YOUR OBJECTIVE: An exact transcription of the lines below, from the first through the one containing "intros HI p", is the only output wanted.

INFORMATION SHOWN:
↓

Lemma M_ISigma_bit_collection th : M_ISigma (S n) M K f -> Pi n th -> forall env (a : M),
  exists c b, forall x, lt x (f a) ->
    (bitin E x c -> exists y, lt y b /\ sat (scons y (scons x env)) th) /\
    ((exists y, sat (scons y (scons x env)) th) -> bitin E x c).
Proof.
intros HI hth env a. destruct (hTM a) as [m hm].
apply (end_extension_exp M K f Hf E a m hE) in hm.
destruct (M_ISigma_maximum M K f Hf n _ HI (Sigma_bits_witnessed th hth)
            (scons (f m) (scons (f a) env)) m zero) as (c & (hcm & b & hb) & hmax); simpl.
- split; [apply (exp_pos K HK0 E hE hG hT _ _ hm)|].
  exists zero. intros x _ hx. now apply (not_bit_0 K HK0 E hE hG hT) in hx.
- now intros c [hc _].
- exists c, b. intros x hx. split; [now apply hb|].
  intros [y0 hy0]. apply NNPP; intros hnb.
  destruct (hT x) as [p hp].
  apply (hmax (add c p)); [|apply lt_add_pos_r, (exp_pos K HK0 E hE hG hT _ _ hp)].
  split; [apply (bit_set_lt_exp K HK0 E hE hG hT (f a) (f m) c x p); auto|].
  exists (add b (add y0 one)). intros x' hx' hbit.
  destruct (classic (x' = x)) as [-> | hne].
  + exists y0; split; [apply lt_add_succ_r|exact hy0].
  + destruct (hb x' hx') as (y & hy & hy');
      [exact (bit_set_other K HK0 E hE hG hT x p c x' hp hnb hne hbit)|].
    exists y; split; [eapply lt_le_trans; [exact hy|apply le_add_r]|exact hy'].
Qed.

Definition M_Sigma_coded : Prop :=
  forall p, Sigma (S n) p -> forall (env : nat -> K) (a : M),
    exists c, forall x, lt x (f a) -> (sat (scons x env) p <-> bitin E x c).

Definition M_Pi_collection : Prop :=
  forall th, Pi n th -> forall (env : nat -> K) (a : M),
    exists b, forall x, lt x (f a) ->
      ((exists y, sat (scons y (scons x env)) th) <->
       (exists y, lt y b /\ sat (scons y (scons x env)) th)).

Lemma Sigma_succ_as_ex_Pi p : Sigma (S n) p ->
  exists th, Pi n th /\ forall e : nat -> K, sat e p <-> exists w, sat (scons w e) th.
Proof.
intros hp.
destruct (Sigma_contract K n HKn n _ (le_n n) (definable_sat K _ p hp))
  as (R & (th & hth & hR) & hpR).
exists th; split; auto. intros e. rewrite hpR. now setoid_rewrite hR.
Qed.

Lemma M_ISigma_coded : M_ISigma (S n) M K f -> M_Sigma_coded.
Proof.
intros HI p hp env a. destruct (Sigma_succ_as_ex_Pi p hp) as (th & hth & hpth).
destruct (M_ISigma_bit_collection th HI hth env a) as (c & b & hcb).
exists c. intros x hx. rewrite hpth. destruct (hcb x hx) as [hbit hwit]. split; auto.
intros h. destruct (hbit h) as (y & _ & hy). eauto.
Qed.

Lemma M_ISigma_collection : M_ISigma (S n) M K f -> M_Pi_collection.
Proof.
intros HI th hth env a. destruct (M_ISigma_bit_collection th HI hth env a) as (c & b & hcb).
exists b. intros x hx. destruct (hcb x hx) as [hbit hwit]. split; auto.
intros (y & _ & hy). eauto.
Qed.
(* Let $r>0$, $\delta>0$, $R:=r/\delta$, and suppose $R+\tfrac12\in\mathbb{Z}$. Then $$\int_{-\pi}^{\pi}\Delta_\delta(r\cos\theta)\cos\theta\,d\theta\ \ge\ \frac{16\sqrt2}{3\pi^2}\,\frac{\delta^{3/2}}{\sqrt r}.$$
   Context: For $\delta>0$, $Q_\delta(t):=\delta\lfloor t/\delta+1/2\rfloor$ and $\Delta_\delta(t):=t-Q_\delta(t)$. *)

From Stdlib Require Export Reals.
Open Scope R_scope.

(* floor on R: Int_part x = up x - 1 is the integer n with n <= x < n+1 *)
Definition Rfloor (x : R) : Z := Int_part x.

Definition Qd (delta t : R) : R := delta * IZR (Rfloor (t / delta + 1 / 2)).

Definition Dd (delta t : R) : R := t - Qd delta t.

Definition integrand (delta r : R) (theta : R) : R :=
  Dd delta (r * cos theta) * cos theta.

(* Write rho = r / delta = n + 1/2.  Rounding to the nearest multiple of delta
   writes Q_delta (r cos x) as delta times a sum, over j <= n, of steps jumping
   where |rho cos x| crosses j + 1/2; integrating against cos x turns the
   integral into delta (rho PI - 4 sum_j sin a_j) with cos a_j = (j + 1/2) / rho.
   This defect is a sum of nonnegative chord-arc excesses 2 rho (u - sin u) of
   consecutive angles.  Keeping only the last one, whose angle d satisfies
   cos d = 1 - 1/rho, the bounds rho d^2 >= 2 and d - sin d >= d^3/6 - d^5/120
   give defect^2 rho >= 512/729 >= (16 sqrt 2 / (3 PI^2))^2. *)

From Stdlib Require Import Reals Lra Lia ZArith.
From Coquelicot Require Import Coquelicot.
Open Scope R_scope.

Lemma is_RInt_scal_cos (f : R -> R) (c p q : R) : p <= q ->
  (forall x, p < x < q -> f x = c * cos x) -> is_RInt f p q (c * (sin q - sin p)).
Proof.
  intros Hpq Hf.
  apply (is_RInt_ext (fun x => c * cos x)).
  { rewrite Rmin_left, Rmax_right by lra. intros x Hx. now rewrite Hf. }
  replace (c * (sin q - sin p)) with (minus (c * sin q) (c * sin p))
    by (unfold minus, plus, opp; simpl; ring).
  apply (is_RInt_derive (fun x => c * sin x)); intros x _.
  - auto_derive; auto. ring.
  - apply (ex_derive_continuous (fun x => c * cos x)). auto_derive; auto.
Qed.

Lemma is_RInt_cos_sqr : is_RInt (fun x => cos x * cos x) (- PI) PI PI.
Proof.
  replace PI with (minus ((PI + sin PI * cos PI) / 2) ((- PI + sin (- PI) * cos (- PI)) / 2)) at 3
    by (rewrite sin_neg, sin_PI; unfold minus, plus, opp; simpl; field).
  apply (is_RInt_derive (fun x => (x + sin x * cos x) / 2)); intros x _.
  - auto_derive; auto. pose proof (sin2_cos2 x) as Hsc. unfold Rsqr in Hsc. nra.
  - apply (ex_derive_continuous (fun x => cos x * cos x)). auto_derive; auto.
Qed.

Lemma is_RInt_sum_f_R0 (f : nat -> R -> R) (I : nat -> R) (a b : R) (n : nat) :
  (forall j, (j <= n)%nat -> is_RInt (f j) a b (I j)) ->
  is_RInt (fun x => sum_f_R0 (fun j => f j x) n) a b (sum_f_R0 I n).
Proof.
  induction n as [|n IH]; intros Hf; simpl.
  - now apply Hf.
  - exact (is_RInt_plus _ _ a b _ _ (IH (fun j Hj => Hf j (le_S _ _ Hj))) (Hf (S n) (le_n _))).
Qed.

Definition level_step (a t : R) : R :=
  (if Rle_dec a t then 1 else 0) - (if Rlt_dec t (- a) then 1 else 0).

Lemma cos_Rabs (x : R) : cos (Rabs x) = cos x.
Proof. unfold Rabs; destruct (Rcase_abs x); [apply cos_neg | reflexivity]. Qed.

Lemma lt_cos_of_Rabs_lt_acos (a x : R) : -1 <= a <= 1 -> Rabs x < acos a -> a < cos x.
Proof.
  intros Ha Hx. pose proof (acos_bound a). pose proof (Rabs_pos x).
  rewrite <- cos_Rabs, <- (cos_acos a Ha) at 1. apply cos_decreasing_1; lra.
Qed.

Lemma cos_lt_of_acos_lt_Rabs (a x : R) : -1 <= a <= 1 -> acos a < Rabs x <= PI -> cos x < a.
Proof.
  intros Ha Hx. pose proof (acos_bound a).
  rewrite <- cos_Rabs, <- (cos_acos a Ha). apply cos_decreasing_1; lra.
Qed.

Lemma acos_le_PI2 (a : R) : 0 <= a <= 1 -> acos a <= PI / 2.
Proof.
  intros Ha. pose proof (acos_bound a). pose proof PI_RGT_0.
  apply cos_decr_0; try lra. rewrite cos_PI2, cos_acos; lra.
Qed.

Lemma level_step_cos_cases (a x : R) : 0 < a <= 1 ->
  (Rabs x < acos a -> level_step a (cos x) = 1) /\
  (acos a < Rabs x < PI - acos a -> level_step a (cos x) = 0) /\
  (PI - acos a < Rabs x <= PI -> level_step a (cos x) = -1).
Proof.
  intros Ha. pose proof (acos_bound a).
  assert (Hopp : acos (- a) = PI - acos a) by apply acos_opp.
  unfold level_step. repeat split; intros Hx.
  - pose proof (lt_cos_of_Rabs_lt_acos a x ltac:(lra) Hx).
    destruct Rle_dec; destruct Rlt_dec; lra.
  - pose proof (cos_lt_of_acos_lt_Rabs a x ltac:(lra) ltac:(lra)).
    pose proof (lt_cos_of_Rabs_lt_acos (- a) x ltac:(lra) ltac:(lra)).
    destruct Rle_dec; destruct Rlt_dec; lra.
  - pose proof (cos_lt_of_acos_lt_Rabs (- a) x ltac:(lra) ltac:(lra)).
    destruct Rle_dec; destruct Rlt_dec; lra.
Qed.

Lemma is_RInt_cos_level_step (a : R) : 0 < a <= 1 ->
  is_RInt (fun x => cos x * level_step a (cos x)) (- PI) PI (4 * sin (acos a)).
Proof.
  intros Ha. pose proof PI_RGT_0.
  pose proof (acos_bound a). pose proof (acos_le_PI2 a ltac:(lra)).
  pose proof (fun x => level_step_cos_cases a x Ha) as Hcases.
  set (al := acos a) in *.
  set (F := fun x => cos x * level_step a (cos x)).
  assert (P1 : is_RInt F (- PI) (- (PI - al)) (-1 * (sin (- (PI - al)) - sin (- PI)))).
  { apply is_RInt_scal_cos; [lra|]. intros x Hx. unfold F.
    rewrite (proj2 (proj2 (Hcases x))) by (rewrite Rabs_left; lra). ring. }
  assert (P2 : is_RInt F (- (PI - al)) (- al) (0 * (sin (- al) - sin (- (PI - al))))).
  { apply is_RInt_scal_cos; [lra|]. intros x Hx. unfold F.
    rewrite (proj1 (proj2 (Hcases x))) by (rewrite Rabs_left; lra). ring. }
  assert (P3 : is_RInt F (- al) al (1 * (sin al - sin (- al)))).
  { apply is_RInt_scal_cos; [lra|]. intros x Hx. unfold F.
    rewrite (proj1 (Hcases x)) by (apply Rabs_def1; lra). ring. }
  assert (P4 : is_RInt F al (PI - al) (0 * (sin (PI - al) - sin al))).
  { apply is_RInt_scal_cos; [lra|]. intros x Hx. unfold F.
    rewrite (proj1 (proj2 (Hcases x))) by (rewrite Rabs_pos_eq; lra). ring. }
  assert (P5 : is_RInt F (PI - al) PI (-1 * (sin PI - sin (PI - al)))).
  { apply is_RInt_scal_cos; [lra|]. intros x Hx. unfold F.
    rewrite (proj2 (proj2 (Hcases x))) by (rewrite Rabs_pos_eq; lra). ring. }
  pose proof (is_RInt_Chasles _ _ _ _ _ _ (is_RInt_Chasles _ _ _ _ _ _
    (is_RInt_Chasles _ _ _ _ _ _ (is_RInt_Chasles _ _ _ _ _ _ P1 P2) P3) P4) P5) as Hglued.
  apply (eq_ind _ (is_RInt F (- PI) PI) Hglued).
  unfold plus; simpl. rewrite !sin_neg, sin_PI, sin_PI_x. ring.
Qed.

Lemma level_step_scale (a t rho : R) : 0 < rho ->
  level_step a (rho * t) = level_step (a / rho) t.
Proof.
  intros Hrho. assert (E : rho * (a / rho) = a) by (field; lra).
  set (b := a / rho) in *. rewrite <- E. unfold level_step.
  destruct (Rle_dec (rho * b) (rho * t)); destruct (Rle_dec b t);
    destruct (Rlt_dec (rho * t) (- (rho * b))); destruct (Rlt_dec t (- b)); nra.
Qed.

↑

SOLUTION FOR THIS EXERCISE:
Lemma M_ISigma_bit_collection th : M_ISigma (S n) M K f -> Pi n th -> forall env (a : M),
  exists c b, forall x, lt x (f a) ->
    (bitin E x c -> exists y, lt y b /\ sat (scons y (scons x env)) th) /\
    ((exists y, sat (scons y (scons x env)) th) -> bitin E x c).
Proof.
intros HI hth env a. destruct (hTM a) as [m hm].
apply (end_extension_exp M K f Hf E a m hE) in hm.
destruct (M_ISigma_maximum M K f Hf n _ HI (Sigma_bits_witnessed th hth)
            (scons (f m) (scons (f a) env)) m zero) as (c & (hcm & b & hb) & hmax); simpl.
- split; [apply (exp_pos K HK0 E hE hG hT _ _ hm)|].
  exists zero. intros x _ hx. now apply (not_bit_0 K HK0 E hE hG hT) in hx.
- now intros c [hc _].
- exists c, b. intros x hx. split; [now apply hb|].
  intros [y0 hy0]. apply NNPP; intros hnb.
  destruct (hT x) as [p hp].
  apply (hmax (add c p)); [|apply lt_add_pos_r, (exp_pos K HK0 E hE hG hT _ _ hp)].
  split; [apply (bit_set_lt_exp K HK0 E hE hG hT (f a) (f m) c x p); auto|].
  exists (add b (add y0 one)). intros x' hx' hbit.
  destruct (classic (x' = x)) as [-> | hne].
  + exists y0; split; [apply lt_add_succ_r|exact hy0].
  + destruct (hb x' hx') as (y & hy & hy');
      [exact (bit_set_other K HK0 E hE hG hT x p c x' hp hnb hne hbit)|].
    exists y; split; [eapply lt_le_trans; [exact hy|apply le_add_r]|exact hy'].
Qed.

Definition M_Sigma_coded : Prop :=
  forall p, Sigma (S n) p -> forall (env : nat -> K) (a : M),
    exists c, forall x, lt x (f a) -> (sat (scons x env) p <-> bitin E x c).

Definition M_Pi_collection : Prop :=
  forall th, Pi n th -> forall (env : nat -> K) (a : M),
    exists b, forall x, lt x (f a) ->
      ((exists y, sat (scons y (scons x env)) th) <->
       (exists y, lt y b /\ sat (scons y (scons x env)) th)).

Lemma Sigma_succ_as_ex_Pi p : Sigma (S n) p ->
  exists th, Pi n th /\ forall e : nat -> K, sat e p <-> exists w, sat (scons w e) th.
Proof.
intros hp.
destruct (Sigma_contract K n HKn n _ (le_n n) (definable_sat K _ p hp))
  as (R & (th & hth & hR) & hpR).
exists th; split; auto. intros e. rewrite hpR. now setoid_rewrite hR.
Qed.

Lemma M_ISigma_coded : M_ISigma (S n) M K f -> M_Sigma_coded.
Proof.
intros HI p hp env a. destruct (Sigma_succ_as_ex_Pi p hp) as (th & hth & hpth).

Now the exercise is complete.